[Dataset entries]
=== Section Start ===

(* Let $G$ be a graph with a linear order $<$ on $V(G)$ satisfying the X-property, let $s<t$ be vertices with $d^*:=\operatorname{dist}(s,t)<\infty$, and let $d$ be an integer. Each of the following conditions implies $d^*\le d$: (i) $\beta_s(\sigma)=\beta_t(\tau)$ for some nonnegative integers $\sigma,\tau$ with $\sigma+\tau=d$; (ii) $G$ contains an edge between $\alpha_s(\sigma)$ and $\alpha_t(\tau)$ for some nonnegative integers $\sigma,\tau$ with $\sigma+\tau=d-1$; (iii) there are nonnegative integers $\sigma,\tau$ with $\sigma+\tau=d-3$ and vertices $v\in\{\alpha_s(\sigma),\beta_s(\sigma)\}$, $w\in\{\alpha_t(\tau),\beta_t(\tau)\}$ with $v<w$, $\operatorname{rhorizon}(v)\ge t$ and $\operatorname{lhorizon}(w)\le s$.
   Context: The X-property: for all vertices $p<q<r<s$, if $\{p,r\}\in E(G)$ and $\{q,s\}\in E(G)$ then $\{p,s\}\in E(G)$. $N[v]$ is the closed neighborhood; $\operatorname{lhorizon}(v):=\min N[v]$ and $\operatorname{rhorizon}(v):=\max N[v]$ w.r.t. $<$. For an integer $k\ge 0$: $\alpha_s(k)$ (resp. $\beta_s(k)$) is the leftmost (resp. rightmost) vertex reachable from $s$ by a path of length at most $k$ using only vertices $v\le t$; $\alpha_t(k)$ (resp. $\beta_t(k)$) is the rightmost (resp. leftmost) vertex reachable from $t$ by a path of length at most $k$ using only vertices $v\ge s$. *)

(* Vertices of the ordered graph are 'I_n with the natural
   order on nat (every finite linearly ordered vertex set is of this form). *)
From mathcomp Require Import all_boot.
Set Implicit Arguments. Unset Strict Implicit. Unset Printing Implicit Defensive.

Section OrderedGraph.
Variables (n : nat) (e : rel 'I_n).

Definition simple_graph : Prop := symmetric e /\ irreflexive e.

Definition X_property : Prop :=
  forall p q r s : 'I_n, p < q -> q < r -> r < s ->
    e p r -> e q s -> e p s.

Definition walk_len (k : nat) (x y : 'I_n) : Prop :=
  exists p : seq 'I_n, [/\ path e x p, last x p = y & size p = k].

Definition is_dist (x y : 'I_n) (k : nat) : Prop :=
  walk_len k x y /\ forall j, walk_len j x y -> k <= j.

Definition reach_within (P : pred 'I_n) (k : nat) (x y : 'I_n) : bool :=
  [exists m : 'I_k.+1, exists p : m.-tuple 'I_n,
     [&& path e x p, last x p == y & all P (x :: p)]].

Lemma reach_within_refl (P : pred 'I_n) k x : P x -> reach_within P k x x.
Proof.
move=> Px; apply/existsP; exists ord0; apply/existsP; exists [tuple].
by rewrite /= eqxx Px.
Qed.

Variables (s t : 'I_n).

Definition left_of_t : pred 'I_n := fun v => v <= t.
Definition right_of_s : pred 'I_n := fun v => s <= v.

Lemma s_ok : s <= t -> left_of_t s. Proof. by []. Qed.

Definition alpha_s (k : nat) : 'I_n :=
  [arg min_(v < s | reach_within left_of_t k s v) (v : nat)].
Definition beta_s (k : nat) : 'I_n :=
  [arg max_(v > s | reach_within left_of_t k s v) (v : nat)].
Definition alpha_t (k : nat) : 'I_n :=
  [arg max_(v > t | reach_within right_of_s k t v) (v : nat)].
Definition beta_t (k : nat) : 'I_n :=
  [arg min_(v < t | reach_within right_of_s k t v) (v : nat)].

End OrderedGraph.

Definition lhorizon n (e : rel 'I_n) (v : 'I_n) : 'I_n :=
  [arg min_(u < v | (u == v) || e v u) (u : nat)].
Definition rhorizon n (e : rel 'I_n) (v : 'I_n) : 'I_n :=
  [arg max_(u > v | (u == v) || e v u) (u : nat)].

(* Every hypothesis produces an s-t walk of length at most d.  In (i) and (ii)
   the two witness walks meet in a common vertex or are joined by an edge.  In
   (iii) put B = rhorizon v and C = lhorizon w, so that vB and Cw are edges
   (or v = t, resp. w = s).  If the edges cross, the X-property joins v to w
   in at most 3 steps.  If they are nested, say v < B < w, the walk from t to
   w must jump over B along an edge ac; the X-property applied to ac and vB,
   or, when a lies left of v, to ac and the edge where the walk from s jumps
   over a, yields an s-t walk of length at most sigma + tau + 1.  The other
   nesting is the mirror image of this one under the order reversal
   [rev_ord]. *)

From mathcomp Require Import all_boot all_order all_algebra.
Import Order.TTheory GRing.Theory Num.Theory.
From mathcomp Require Import zify.
Set Implicit Arguments. Unset Strict Implicit. Unset Printing Implicit Defensive.

Section Walks.
Variables (n : nat) (e : rel 'I_n).
Implicit Types (P : pred 'I_n) (x y z : 'I_n) (p : seq 'I_n).

Definition walk_atmost k x y : Prop :=
  exists p, [/\ path e x p, last x p = y & size p <= k].

Lemma walk_atmost0 x : walk_atmost 0 x x.
Proof. by exists [::]. Qed.

Lemma walk_atmost_edge x y : e x y -> walk_atmost 1 x y.
Proof. by move=> exy; exists [:: y]; rewrite /= exy. Qed.

Lemma walk_atmost_cat i j x y z :
  walk_atmost i x y -> walk_atmost j y z -> walk_atmost (i + j) x z.
Proof.
move=> [p [xp <- sp]] [q [yq <- sq]]; exists (p ++ q).
by rewrite cat_path xp yq last_cat size_cat leq_add.
Qed.

Lemma walk_atmost_le i j x y : i <= j -> walk_atmost i x y -> walk_atmost j x y.
Proof. by move=> le_ij [p [xp yp sp]]; exists p; split=> //; apply: leq_trans le_ij. Qed.

Lemma walk_atmost_rev k x y : symmetric e -> walk_atmost k x y -> walk_atmost k y x.
Proof.
move=> sym [p [xp <- sp]]; apply: walk_atmost_le sp _.
elim: p x xp => [|z p IHp] x /=; first by move=> _; exact: walk_atmost0.
case/andP=> exz zp; rewrite -addn1; apply: walk_atmost_cat (IHp z zp) _.
by apply: walk_atmost_edge; rewrite sym.
Qed.

Lemma is_dist_le x y d k : is_dist e x y d -> walk_atmost k x y -> d <= k.
Proof. by move=> [_ dmin] [p [xp yp sp]]; apply: leq_trans sp; apply: dmin; exists p. Qed.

=== Section End ===

- [EXERCISE]: Among the records above, a stretch begins at the line containing "Definition is_dist (x" and ends at the line containing "[&& path e x". Restate that stretch word for word, and nothing else.

- [SOLUTION TO THIS EXERCISE]:
Definition is_dist (x y : 'I_n) (k : nat) : Prop :=
  walk_len k x y /\ forall j, walk_len j x y -> k <= j.

Definition reach_within (P : pred 'I_n) (k : nat) (x y : 'I_n) : bool :=
  [exists m : 'I_k.+1, exists p : m.-tuple 'I_n,
     [&& path e x p, last x p == y & all P (x :: p)]].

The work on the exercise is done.